• _PROBLEM DESCRIPTION_
Which lines below contain the word "unliftP"? Copy each of them.

::::

(* A ray with [t = 0] lies in the recession cone, so it can be subtracted from [x]. *)
Lemma decomposition_sub_ray k : g k 0 ord_max = 0 -> 1 < mu k -> g k != 0 ->
  exists2 x', ineqs_sat cs x' && in_orthant x' & (norm1 x' < norm1 x)%N.
Proof.
move=> gk_last mu_gt1 gk_neq0; pose u j := g k 0 (lift ord_max j).
have x'E : hom_vec (fun j => x j - u j) 1 =
    \sum_l mu l *: map_mx intr (g l) - map_mx intr (g k).
  rewrite -xE; apply/matrixP => a i; rewrite ord1 !mxE.
  by case: (unliftP ord_max i) => [j ->|->]; rewrite ?liftK ?unlift_none ?intrB ?gk_last ?subr0.
have : feasible hcone (hom_vec (fun j => x j - u j) 1).
  by rewrite x'E; apply: feasible_sub_summand => //; [exact: hcone0 | exact: ltW].
rewrite feasible_hcone => x'_ok; exists (fun j => x j - u j) => //.
case/andP: x'_ok => _ x'_orth; apply: norm1_orthant_sub_lt => //.
  by apply/forallP => j; apply: ray_orthant.
move/matrix0Pn: gk_neq0 => [i0 [i' gki]]; rewrite ord1 in gki.
by case: (unliftP ord_max i') gki => [j ->|->] gki; [exists j | rewrite gk_last eqxx in gki].
Qed.

Lemma decomposition_bound : (K <= d.+1)%N ->
  (forall k i, `|g k 0 i| <= (d`! * m ^ d)%N%:Z) ->
  (forall k, g k 0 ord_max = 0 -> mu k <= 1) -> (norm1 x <= bound)%N.
Proof.
move=> K_le g_le mu_le1_flat.
have mu_le1 : forall k, mu k <= 1.
  apply: weights_le1 mu_ge0 _ _ mu_le1_flat => [k|].
    by have := ray_hcone_ge0 k last_row_hcone; rewrite form_last_row mxE ler0z.
  rewrite -[RHS](hom_vec_last x) xE summxE.
  by apply: eq_bigr => k _; rewrite !mxE.
set R := (d`! * m ^ d)%N.
have x_le j : (`|x j| <= d.+1 * R)%N.
  rewrite -lez_nat -(ler_int rat) abszE.
  have := forallP x_orth j; rewrite -[`|x j|]mul1r -(s_sign j) -normrM => /ger0_norm ->.
  rewrite intrM -(hom_vecE x 1) xE summxE mulr_sumr.
  apply: (@le_trans _ _ (\sum_(k < K) R%:R)).
    apply: ler_sum => k _; rewrite !mxE mulrCA -intrM.
    apply: le_trans (ler_piMl _ (mu_le1 k)) _; first by rewrite ler0z ray_orthant.
    rewrite -[R%:R]/(R%:Z%:~R) ler_int (le_trans (ler_norm _)) //.
    by rewrite normrM s_sign mul1r g_le.
  rewrite sumr_const card_ord -mulrnA -[(n * R)%N%:~R]/((n * R)%:R) ler_nat.
  by rewrite mulnC leq_mul2r K_le orbT.
apply: (@leq_trans (\sum_(j < d) d.+1 * R)); first by apply: leq_sum => j _.
by rewrite sum_nat_const card_ord /R !mulnA.
Qed.

End Decomposition.

Lemma orthant_descent x : ineqs_sat cs x -> in_orthant x ->
  (exists2 x', ineqs_sat cs x' && in_orthant x' & (norm1 x' < norm1 x)%N) \/
  (norm1 x <= bound)%N.
Proof.
move=> x_sat x_orth; have m_ge0 : 0 <= m%:Z by [].
have : feasible hcone (hom_vec x 1) by rewrite feasible_hcone x_sat.
case/(cone_decomposition m_ge0 hcone_pointed hcone0 hcone_le) => K [mu [g [K_le ray_g xE]]].
have mu_ge0 (k : 'I_K) : 0 <= mu k by case: (ray_g k (ltn_ord k)).
have g_feas (k : 'I_K) : feasible hcone (map_mx intr (g k)).
  by case: (ray_g k (ltn_ord k)) => _ [].
have [/existsP [k /andP [/eqP gk_last mu_gt1]]|/existsPn mu_le1] :=
  boolP [exists k : 'I_K, (g k 0 ord_max == 0) && (1 < mu k)].
  left; apply: (decomposition_sub_ray x_orth mu_ge0 g_feas xE gk_last mu_gt1).
  by case: (ray_g k (ltn_ord k)) => _ [].
right; apply: (decomposition_bound x_orth mu_ge0 g_feas xE K_le).
  move=> k i; case: (ray_g k (ltn_ord k)) => _ [_ _ /(_ i)].
  by rewrite PoszM -!natz natrX.
by move=> k gk0; have := mu_le1 k; rewrite gk0 eqxx /= -leNgt.
Qed.

Lemma orthant_small_solution x : ineqs_sat cs x -> in_orthant x ->
  exists2 x', ineqs_sat cs x' & (norm1 x' <= bound)%N.
Proof.
move: {2}(norm1 x).+1 (ltnSn (norm1 x)) => N; elim: N x => // N IH x x_lt x_sat x_orth.
have [[x' /andP [x'_sat x'_orth] x'_lt]|x_le] := orthant_descent x_sat x_orth.
  exact: (IH x') (leq_trans x'_lt x_lt) x'_sat x'_orth.
by exists x.
Qed.

End Orthant.
End Homogenization.

Lemma ilp_small_solution d (cs : seq (ineq d)) (m : nat) x0 : (0 < m)%N ->
  all (fun p => ineq_norm p <= m)%N cs -> ineqs_sat cs x0 ->
  exists2 x, ineqs_sat cs x & (norm1 x <= d * d.+1 * d`! * m ^ d)%N.
Proof.
move=> m_gt0 cs_le x0_sat; pose s i : int := if 0 <= x0 i then 1 else -1.
apply: (@orthant_small_solution _ _ _ s m_gt0 cs_le _ x0 x0_sat).
  by move=> i; rewrite /s; case: ifP; rewrite ?normrN normr1.
apply/forallP => i; rewrite /s; case: ifP => [|/negbT]; rewrite ?mul1r ?mulN1r //.
by rewrite oppr_ge0 -ltNge => /ltW.
Qed.

Section Literals.
Variable d : nat.
Implicit Types (x : 'I_d -> int) (S : lsys d).

Definition oppv (a : 'I_d -> int) : 'I_d -> int := fun i => - a i.

Lemma dotpNl a x : dotp (oppv a) x = - dotp a x.
Proof. by rewrite /dotp -sumrN; apply: eq_bigr => i _; rewrite mulNr. Qed.

Lemma vnorm_opp a : vnorm (oppv a) = vnorm a.
Proof. by apply: eq_bigr => i _; rewrite abszN. Qed.

(* Inequalities satisfied by [x0] that force each (in)equality atom to keep its truth
   value at [x0]. *)
Definition atom_lits x0 (k : constr d) : seq (ineq d) :=
  match k with
  | CEq a c => if dotp a x0 == c then [:: (a, c); (oppv a, - c)]
               else if c < dotp a x0 then [:: (a, c + 1)] else [:: (oppv a, 1 - c)]
  | CGe a c => if c <= dotp a x0 then [:: (a, c)] else [:: (oppv a, 1 - c)]
  | CDvd _ _ _ => [::]
  end.

Fixpoint lits x0 S : seq (ineq d) :=
  match S with
  | LTrue | LFalse => [::]
  | LAtom k => atom_lits x0 k
  | LNot S1 => lits x0 S1
  | LAnd S1 S2 | LOr S1 S2 => lits x0 S1 ++ lits x0 S2
  end.

Lemma lits_sat x0 S : ineqs_sat (lits x0 S) x0.
Proof.
rewrite /ineqs_sat; elim: S => //= [[a c|a c|//]|S1 IH1 S2 IH2|S1 IH1 S2 IH2] /=;
  rewrite ?all_cat ?IH1 ?IH2 //.
- case: eqP => [e|ne] /=; first by rewrite dotpNl e !lexx.
  by case: ltrP => /=; rewrite ?dotpNl; lia.
- by case: lerP => /=; rewrite ?dotpNl; lia.
Qed.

::::

• _EXERCISE SOLUTION_
  by case: (unliftP ord_max i) => [j ->|->]; rewrite ?liftK ?unlift_none ?intrB ?gk_last ?subr0.
by case: (unliftP ord_max i') gki => [j ->|->] gki; [exists j | rewrite gk_last eqxx in gki].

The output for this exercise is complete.